Several fans left messages in the background asking how to deal with the company's "reasonable and legal" dismissal of employees in the end-of-year assessment? Do you accept it calmly or stand up for it? For such questions, the author hereby writes and counts it as a unified reply.
Approaching the Spring Festival, many companies are in full swing to carry out the year-end summary, the commendation of the commendation, the promotion of the promotion, even if the benefits in 2023 are not good, the bosses should tighten their belts to create a prosperous scene for employees "I know your pay", "gun in hand, follow me", "I have you will have it". If you can meet such a wise man, then tie your shoelaces and run along, the Year of the Dragon is right!
However, there are thousands of kinds of flowers, and there are thousands of different people! Some bosses don't open source from the market, but they start to think about throttling from their employees!
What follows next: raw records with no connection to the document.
(* Let $m,n\ge1$ and $k$ be integers with $|k|_m=n$, and let $G=\langle a,b\mid a^m=1=b^n,\ b^{-1}ab=a^k\rangle$. Let $s$ be an odd prime with $\gcd(s,m)=1$, $\zeta$ a primitive $m$-th root of unity in $\overline{\mathbb{F}}_s$, and $q$ a power of $s$. Then the induced representation $\rho^G$ is realizable over $\mathbb{F}_q$ if and only if $q\equiv k^i\pmod m$ for some $i$ with $0\le i\le n-1$.
   Context: $|k|_m$ denotes the multiplicative order of $k$ modulo $m$. $\rho:\langle a\rangle\to\overline{\mathbb{F}}_s^*$ is given by $\rho(a)=\zeta$ and $\rho^G$ is the induced representation of $G$; concretely it acts on a space with basis $e_0,\dots,e_{n-1}$ by $ae_i=\zeta^{k^i}e_i$, $be_i=e_{i+1}$ (indices modulo $n$). A representation of $G$ over $\overline{\mathbb{F}}_s$ is realizable over a subfield $\mathbb{F}_q$ if it is equivalent (over $\overline{\mathbb{F}}_s$) to a matrix representation all of whose matrices have entries in $\mathbb{F}_q$. *)

From HB Require Import structures.
From mathcomp Require Import all_boot all_order all_algebra all_fingroup all_solvable all_field all_character.
Set Implicit Arguments. Unset Strict Implicit. Unset Printing Implicit Defensive.
Import GRing.Theory Num.Theory.
Local Open Scope ring_scope.

Definition is_mult_order (k : int) (m n : nat) : Prop :=
  (0 < n)%N /\ (k ^+ n = 1 %[mod m%:Z])%Z /\
  (forall i : nat, (0 < i < n)%N -> ~ (k ^+ i = 1 %[mod m%:Z])%Z).

(* the representative of k in {0,..,m-1}, used as a nat exponent in the group *)
Definition kmod (k : int) (m : nat) : nat := `|(k %% m%:Z)%Z|%N.

(* matrix of rho^G(a): a e_i = zeta^(k^i) e_i *)
Definition rhoA (F : fieldType) (n : nat) (zeta : F) (k : int) : 'M[F]_n :=
  \matrix_(i < n, j < n) (if i == j then zeta ^ (k ^+ i) else 0).

(* matrix of rho^G(b): b e_i = e_(i+1) (indices mod n), column convention *)
Definition rhoB (F : fieldType) (n : nat) : 'M[F]_n :=
  \matrix_(i < n, j < n) (if (val i == (val j).+1 %% n)%N then 1 else 0).

(* the subfield F_q of F: the roots of X^q - X *)
Definition inFq (F : fieldType) (q : nat) (x : F) : bool := x ^+ q == x.

Definition realizable_over (F : fieldType) (gT : finGroupType) (G : {group gT})
  (n : nat) (q : nat) (rG : mx_representation F G n) : Prop :=
  exists rG' : mx_representation F G n,
    (forall g, g \in G -> forall i j, inFq q (rG' g i j)) /\ mx_rsim rG rG'.

(* The eigenvalues of rho^G(a) are the n distinct powers zeta^(k^i), 0 <= i < n.
   If rho^G is equivalent to a representation over F_q, the spectrum of rho^G(a)
   is stable under the Frobenius x |-> x^q, so zeta^q = zeta^(k^i) for some i.
   Conversely, if q = k^i mod m, the Frobenius permutes the eigenvalues by the
   cyclic shift r |-> r + i, which commutes with the cyclic permutation
   rho^G(b).  The Frobenius maps the (transposed) Vandermonde matrix X of the
   eigenvalues to its row-shifted copy, so conjugating rho^G(a) and rho^G(b) by
   X yields Frobenius-fixed matrices, i.e. matrices over F_q; these generate
   the conjugated representation. *)

From HB Require Import structures.
From mathcomp Require Import all_boot all_order all_algebra all_fingroup all_solvable all_field all_character.
Import GRing.Theory Num.Theory.
Set Implicit Arguments. Unset Strict Implicit. Unset Printing Implicit Defensive.
Local Open Scope ring_scope.

Section FrobeniusPower.
Variables (F : fieldType) (q : nat).

Definition frobenius_pow of [pchar F].-nat q := fun x : F => x ^+ q.

Variable pcharF_q : [pchar F].-nat q.

Fact frobenius_pow_is_nmod_morphism : nmod_morphism (frobenius_pow pcharF_q).
Proof.
by split=> [|x y]; rewrite /frobenius_pow ?expr0n ?exprDn_pchar //; case: q pcharF_q.
Qed.

Fact frobenius_pow_is_monoid_morphism : monoid_morphism (frobenius_pow pcharF_q).
Proof. by split=> [|x y]; rewrite /frobenius_pow ?expr1n ?exprMn. Qed.

HB.instance Definition _ := GRing.isNmodMorphism.Build F F (frobenius_pow pcharF_q)
  frobenius_pow_is_nmod_morphism.
HB.instance Definition _ := GRing.isMonoidMorphism.Build F F (frobenius_pow pcharF_q)
  frobenius_pow_is_monoid_morphism.

End FrobeniusPower.

Section PrimitiveRootExprz.
Variables (F : fieldType) (m : nat) (zeta : F).
Hypotheses (m_gt0 : (0 < m)%N) (zeta_prim : m.-primitive_root zeta).

Lemma prim_root_exprz_mod (z : int) : zeta ^ z = zeta ^+ `|(z %% m%:Z)%Z|%N.
Proof.
have m_neq0 : m%:Z != 0 by rewrite eqz_nat -lt0n.
have zeta_unit : zeta \is a GRing.unit.
  by rewrite -(unitrX_pos _ m_gt0) (prim_expr_order zeta_prim) unitr1.
rewrite {1}(divz_eq z m) exprzDr // [X in zeta ^ X]mulrC -exprz_exp.
rewrite -exprnP (prim_expr_order zeta_prim) exp1rz mul1r.
by rewrite -{1}(gez0_abs (modz_ge0 z m_neq0)).
Qed.

Lemma eq_prim_root_exprz (z1 z2 : int) :
  (zeta ^ z1 = zeta ^ z2) <-> (z1 = z2 %[mod m%:Z])%Z.
Proof.
have m_neq0 : m%:Z != 0 by rewrite eqz_nat -lt0n.
have mod_lt z : (`|(z %% m%:Z)%Z| < m)%N.
  by rewrite -ltz_nat gez0_abs ?modz_ge0 // ltz_mod.
rewrite !prim_root_exprz_mod; split=> [/eqP|]; last by move->.
rewrite (eq_prim_root_expr zeta_prim) !modn_small // => /eqP eq_abs.
by rewrite -(gez0_abs (modz_ge0 z1 m_neq0)) -(gez0_abs (modz_ge0 z2 m_neq0)) eq_abs.
Qed.

End PrimitiveRootExprz.

Section MultOrder.
Variables (m n : nat) (k : int).
Hypothesis k_order : is_mult_order k m n.

Lemma expr_mod_mult_order (j : nat) : (k ^+ j = k ^+ (j %% n) %[mod m%:Z])%Z.
Proof.
case: k_order => _ [kn _].
rewrite {1}(divn_eq j n) exprD mulnC exprM -modzMml -modzXm kn modzXm expr1n.
by rewrite modzMml mul1r.
Qed.

Lemma expr_mult_order_inj (r t : nat) : (r < n)%N -> (t < n)%N ->
  (k ^+ r = k ^+ t %[mod m%:Z])%Z -> r = t.
Proof.
case: k_order => _ [kn kn_min].
wlog le_rt : r t / (r <= t)%N.
  move=> wlog_le r_lt t_lt eq_rt; case: (leqP r t) => [le_rt|/ltnW le_tr].
    exact: wlog_le.
  exact/esym/wlog_le.
move=> r_lt t_lt eq_rt.
apply/eqP; rewrite eqn_leq le_rt leqNgt; apply/negP => lt_rt.
(* multiplying by k^(n-t) turns k^r = k^t into k^(r+n-t) = k^n = 1 with 0 < r+n-t < n *)
apply: (kn_min (r + (n - t))%N).
  by rewrite addn_gt0 subn_gt0 t_lt orbT -{2}(subnKC (ltnW t_lt)) ltn_add2r.
by rewrite exprD -modzMml eq_rt modzMml -exprD subnKC // ltnW.
Qed.

End MultOrder.

Section Eigenvalues.
Variable F : fieldType.

Lemma eigenvalue_intertwine m n (A : 'M[F]_m) (A' : 'M[F]_n) (B : 'M_(m, n)) a :
  row_free B -> A *m B = B *m A' -> eigenvalue A a -> eigenvalue A' a.
Proof.
move=> freeB AB /eigenvalueP[v vA v_neq0]; apply/eigenvalueP; exists (v *m B).
  by rewrite -mulmxA -AB mulmxA vA scalemxAl.
by rewrite mulmx_free_eq0.
Qed.

Lemma eigenvalue_diag n (d : 'rV[F]_n) a :
  eigenvalue (diag_mx d) a = [exists i, a == d 0 i].
Proof.
rewrite eigenvalue_root_char char_poly_trig ?diag_mx_is_trig //.
under eq_bigr do rewrite mxE eqxx mulr1n.
rewrite -(big_map (fun i => d 0 i) xpredT (fun x => 'X - x%:P)) root_prod_XsubC.
by apply/mapP/existsP => [[i _ ->]|[i /eqP ->]]; exists i; rewrite ?mem_index_enum.
Qed.

End Eigenvalues.

Section FixedConjugation.
Variables (F : fieldType) (n : nat) (sg : {rmorphism F -> F}).

Lemma map_mx_conj_fixed (A P X : 'M[F]_n) : X \in unitmx ->
  map_mx sg X = P *m X -> map_mx sg A *m P = P *m A ->
  map_mx sg (invmx X *m A *m X) = invmx X *m A *m X.
Proof.
move=> X_unit sgX sgA; set M := invmx X *m A *m X.
have XM : X *m M = A *m X by rewrite /M !mulmxA mulmxV ?mul1mx.
have sgX_unit : map_mx sg X \in unitmx by rewrite map_unitmx.
apply: (can_inj (mulKmx sgX_unit)) => /=.
by rewrite -map_mxM XM map_mxM sgX mulmxA sgA -!mulmxA -XM.
Qed.

Lemma map_mx_rowsub1 m (f : 'I_m -> 'I_n) : map_mx sg (rowsub f 1%:M) = rowsub f 1%:M.
Proof. by rewrite map_mxsub map_mx1. Qed.

Variables (y : 'I_n -> F) (f : 'I_n -> 'I_n).
Hypothesis sg_y : forall r, sg (y r) = y (f r).

Lemma map_diag_mx_rowsub :
  map_mx sg (diag_mx (\row_r y r)) *m rowsub f 1%:M = rowsub f 1%:M *m diag_mx (\row_r y r).
Proof.
rewrite -rowsubE map_diag_mx mul_diag_mx; apply/matrixP=> r s; rewrite !mxE sg_y.
by case: eqP => [->|]; rewrite ?mulr1 ?mulr0.
Qed.

Lemma map_tr_Vandermonde :
  map_mx sg (Vandermonde n (\row_r y r))^T = rowsub f 1%:M *m (Vandermonde n (\row_r y r))^T.
Proof. by rewrite -rowsubE; apply/matrixP=> r c; rewrite !mxE rmorphXn sg_y. Qed.

End FixedConjugation.

Lemma tr_Vandermonde_unit (F : fieldType) n (y : 'I_n -> F) :
  injective y -> (Vandermonde n (\row_r y r))^T \in unitmx.
Proof.
move=> y_inj; rewrite unitmxE det_tr det_Vandermonde unitfE.
apply/prodf_neq0 => i _; apply/prodf_neq0 => j lt_ij; rewrite !mxE subr_eq0.
by apply: contraTneq lt_ij => /y_inj ->; rewrite ltnn.
Qed.

Section Realizability.
Variables (F : fieldType) (gT : finGroupType) (G : {group gT}) (n : nat).

Lemma group_set_repr_fixed (rG : mx_representation F G n) (sg : {rmorphism F -> F}) :
  group_set [set g in G | map_mx sg (rG g) == rG g].
Proof.
apply/group_setP; split=> [|x y]; first by rewrite inE group1 repr_mx1 map_mx1 eqxx.
rewrite !inE => /andP[Gx /eqP sgx] /andP[Gy /eqP sgy].
by rewrite groupM // repr_mxM // map_mxM sgx sgy eqxx.
Qed.

Variables (rG : mx_representation F G n) (q : nat) (pcharF_q : [pchar F].-nat q).
Local Notation frob := (frobenius_pow pcharF_q).

Lemma realizable_eigenvalue_frobenius x a : x \in G ->
  realizable_over q rG -> eigenvalue (rG x) a -> eigenvalue (rG x) (a ^+ q).
Proof.
move=> Gx [rG' [rG'_Fq [B _ freeB rGB]]].
have B_unit : B \in unitmx by rewrite -row_free_unit.
have frob_rG' : map_mx frob (rG' x) = rG' x.
  by apply/matrixP=> i j; rewrite mxE; apply/eqP/rG'_Fq.
have rG'B : rG' x *m invmx B = invmx B *m rG x.
  by rewrite -[rG' x](mulKmx B_unit) -rGB // !mulmxA mulmxK.
move=> /(eigenvalue_intertwine freeB (rGB x Gx)).
rewrite -(eigenvalue_map frob) frob_rG'.
by apply: eigenvalue_intertwine rG'B; rewrite row_free_unit unitmx_inv.
Qed.

Lemma realizable_over_conj (X : 'M[F]_n) (a b : gT) :
  (<[a]> <*> <[b]>)%g = G -> X \in unitmx ->
  map_mx frob (invmx X *m rG a *m X) = invmx X *m rG a *m X ->
  map_mx frob (invmx X *m rG b *m X) = invmx X *m rG b *m X ->
  realizable_over q rG.
Proof.
move=> defG X_unit frob_a frob_b.
have Xinv_unit : invmx X \in unitmx by rewrite unitmx_inv.
pose rG' := rconj_repr rG Xinv_unit.
have rG'E g : rG' g = invmx X *m rG g *m X by rewrite rconj_mxE invmxK.
exists rG'; split; last first.
  exists X => [//||g Gg]; first by rewrite row_free_unit.
  by rewrite rG'E !mulmxA mulmxV // mul1mx.
have sub_fixed : G \subset group (group_set_repr_fixed rG' frob).
  have [Ga Gb] : a \in G /\ b \in G.
    by rewrite -defG !mem_gen // inE cycle_id ?orbT.
  by rewrite -{1}defG join_subG !cycle_subG !inE Ga Gb !rG'E frob_a frob_b !eqxx.
move=> g Gg i j; have := subsetP sub_fixed g Gg.
rewrite inE => /andP[_ /eqP/matrixP/(_ i j)]; rewrite mxE => frob_gij.
by rewrite /inFq; apply/eqP; exact: frob_gij.
Qed.

End Realizability.

Section InducedRepresentation.
Variables (F : fieldType) (m n' : nat) (k : int) (zeta : F).
Hypotheses (m_gt0 : (0 < m)%N) (k_order : is_mult_order k m n'.+1).
Hypothesis zeta_prim : m.-primitive_root zeta.
Local Notation n := n'.+1.
Local Notation ev := (fun r : 'I_n => zeta ^ (k ^+ r)).

Lemma rhoA_diag : rhoA n zeta k = diag_mx (\row_r ev r).
Proof. by apply/matrixP=> r c; rewrite !mxE; case: eqP => [->|]; rewrite ?mulr1n ?mulr0n. Qed.

Lemma eigenvalue_rhoA a : eigenvalue (rhoA n zeta k) a = [exists r : 'I_n, a == ev r].
Proof. by rewrite rhoA_diag eigenvalue_diag; apply: eq_existsb => r; rewrite mxE. Qed.

Lemma rhoB_rowsub : rhoB F n = rowsub (fun r : 'I_n => r + inZp n') 1%:M.
Proof.
apply/matrixP=> r s; rewrite !mxE.
suff -> : (val r == (val s).+1 %% n)%N = (r + inZp n' == s) by case: (_ == _).
apply/eqP/eqP => [rs|<-] /=.
  by apply: val_inj => /=; rewrite modnDmr rs modnDml addSn -addnS modnDr modn_small // ltn_ord.
by rewrite modnDmr -[(_ %% n).+1]addn1 modnDml -addnA addn1 modnDr modn_small.
Qed.

Lemma ev_inj : injective ev.
Proof.
move=> r t /(eq_prim_root_exprz m_gt0 zeta_prim) eq_rt; apply: val_inj.
exact: (expr_mult_order_inj k_order (ltn_ord r) (ltn_ord t) eq_rt).
Qed.

Lemma expr_ev_shift (q i : nat) : (q%:Z = k ^+ i %[mod m%:Z])%Z ->
  forall r, ev r ^+ q = ev (r + inZp i).
Proof.
move=> qi r; rewrite exprnP exprz_exp; apply/(eq_prim_root_exprz m_gt0 zeta_prim).
rewrite /= modnDmr -(expr_mod_mult_order k_order) exprD.
by rewrite -modzMmr qi modzMmr.
Qed.

Variables (gT : finGroupType) (G : {group gT}) (rG : mx_representation F G n).
Variables (q : nat) (pcharF_q : [pchar F].-nat q).

Lemma realizable_induced_mod_order (a : gT) :
  a \in G -> rG a = rhoA n zeta k -> realizable_over q rG ->
  exists2 i, (i < n)%N & (q%:Z = k ^+ i %[mod m%:Z])%Z.
Proof.
move=> Ga rGa realizable_rG.
have zeta_eig : eigenvalue (rG a) zeta.
  by rewrite rGa eigenvalue_rhoA; apply/existsP; exists ord0; rewrite expr0 expr1z.
have := realizable_eigenvalue_frobenius pcharF_q Ga realizable_rG zeta_eig.
rewrite rGa eigenvalue_rhoA => /existsP[r /eqP]; rewrite exprnP.
by move/(eq_prim_root_exprz m_gt0 zeta_prim); exists r.
Qed.

Lemma realizable_induced (a b : gT) (i : nat) :
  (<[a]> <*> <[b]>)%g = G -> rG a = rhoA n zeta k -> rG b = rhoB F n ->
  (q%:Z = k ^+ i %[mod m%:Z])%Z -> realizable_over q rG.
Proof.
move=> defG rGa rGb qi.
pose frob := frobenius_pow pcharF_q.
pose shift (r : 'I_n) := r + inZp i.
have frob_ev r : frob (ev r) = ev (shift r) by exact: expr_ev_shift.
have X_unit := tr_Vandermonde_unit ev_inj.
have frobX := map_tr_Vandermonde frob_ev.
apply: (realizable_over_conj defG X_unit).
  by apply: map_mx_conj_fixed X_unit frobX _; rewrite rGa rhoA_diag map_diag_mx_rowsub.
apply: map_mx_conj_fixed X_unit frobX _.
rewrite rGb rhoB_rowsub map_mx_rowsub1 !mul_rowsub_mx !mul1mx -!rowsub_comp.
by apply: eq_rowsub => r /=; rewrite /shift addrAC.
Qed.

End InducedRepresentation.

Theorem theorem2p5 (m n : nat) (k : int)
  (gT : finGroupType) (G : {group gT}) (a b : gT)
  (s q : nat) (F : closedFieldType) (zeta : F)
  (rG : mx_representation F G n) :
  (0 < m)%N -> (0 < n)%N -> is_mult_order k m n ->
  (* G = < a, b | a^m = 1 = b^n, b^-1 a b = a^k > with generators a, b *)
  (G \isog Grp (x : y : x ^+ m, y ^+ n, x ^ y = x ^+ kmod k m))%g ->
  (<[a]> <*> <[b]>)%g = G -> (a ^+ m = 1)%g -> (b ^+ n = 1)%g ->
  (a ^ b = a ^+ kmod k m)%g ->
  (* F is an algebraic closure of F_s, s an odd prime coprime to m *)
  prime s -> odd s -> coprime s m -> (s \in [pchar F])%N ->
  (forall x : F, exists e : nat, (0 < e)%N /\ x ^+ (s ^ e) = x) ->
  m.-primitive_root zeta ->
  (exists e : nat, (0 < e)%N /\ q = (s ^ e)%N) ->
  (* rG is the induced representation rho^G *)
  rG a = rhoA n zeta k -> rG b = rhoB F n ->
  realizable_over q rG <->
  (exists i : nat, (i <= n - 1)%N /\ (q%:Z = k ^+ i %[mod m%:Z])%Z).
Proof.
move=> m_gt0 n_gt0 k_order _ defG _ _ _ s_prime _ _ s_char _ zeta_prim.
move=> [e [_ ->]] rGa rGb.
have pchar_q : [pchar F].-nat (s ^ e)%N by rewrite pnatX pnatE // s_char.
case: n n_gt0 k_order rG rGa rGb => // n' _ k_order rG rGa rGb.
have Ga : a \in G by rewrite -defG mem_gen // inE cycle_id.
split=> [realizable_rG|[i [_ qi]]].
  have [i lt_i qi] :=
    realizable_induced_mod_order m_gt0 zeta_prim pchar_q Ga rGa realizable_rG.
  by exists i; rewrite subn1.
exact: (realizable_induced m_gt0 k_order zeta_prim pchar_q defG rGa rGb qi).
Qed.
Just like the "Layoff Plan" in the recently released movie "Annual Meeting Can't Stop", which is a vivid portrayal of these bosses.
Of course, if employees really encounter this kind of company plan similar to the elimination of the last position, do not panic, we have to return to the perspective of the "Labor Contract Law", and judge with legal thinking, what should we do? In fact, to judge whether the last elimination measures taken by the company are legal, we must look at the following two aspects:
First of all, it depends on whether the last elimination rules adopted by the company have a basis for rules and regulations or the agreed terms of the labor contract.
In accordance with the provisions of Article 4 of the Labor Contract LawRules and regulations and major matters involving the vital interests of employees shall be discussed by the workers' congress or all employees, put forward plans and opinions, and determined through equal consultation with the trade union or employee representatives. After the system is formulated, it should be publicized or notified to the workers. Therefore, if the company promulgates similar management rules, it strictly adheres to the democratic procedures and has been approved by the employees. When an employee is subject to system regulations or labor contract provisions, and the company unilaterally terminates the labor contract, there is a high probability that it will be supported by the adjudication authority. On the contrary, the company is more likely to face illegal termination.
Second, if there is no support from the rules and regulations or the agreed clauses of the employment contract, whether the unilateral termination of the employment contract taken by the company is lawful shall be judged by the provisions of the Labor Contract Law.
If the employee satisfies the provisions of Article 39 (Fault Dismissal), Article 40 (Fault Dismissal) and Article 41 (Economic Layoff) of the Labor Contract Law, and the employee does not have the circumstance of Article 42 (the restriction clause that the employer shall not unilaterally terminate the labor contract), the employer may exercise the right of unilateral termination.
Of course, the specific circumstances faced in labor disputes may vary greatly and cannot be generalized, and accurate judgment must still be based on the specific circumstances faced by individuals. Therefore, if an employee encounters a similar dispute, he or she should seek help from a legal professional in a timely manner if his or her own judgment is unclear. If a company wants to unilaterally terminate an employment contract with an employee in this way, it should first assess the legal risks to avoid labor disputes.
About author:Lawyer Wang Shigang, a lawyer in Beijing, has 12 years of practical experience in the legal industry, and has served as the general counsel of a central enterprise and a corporate lawyer.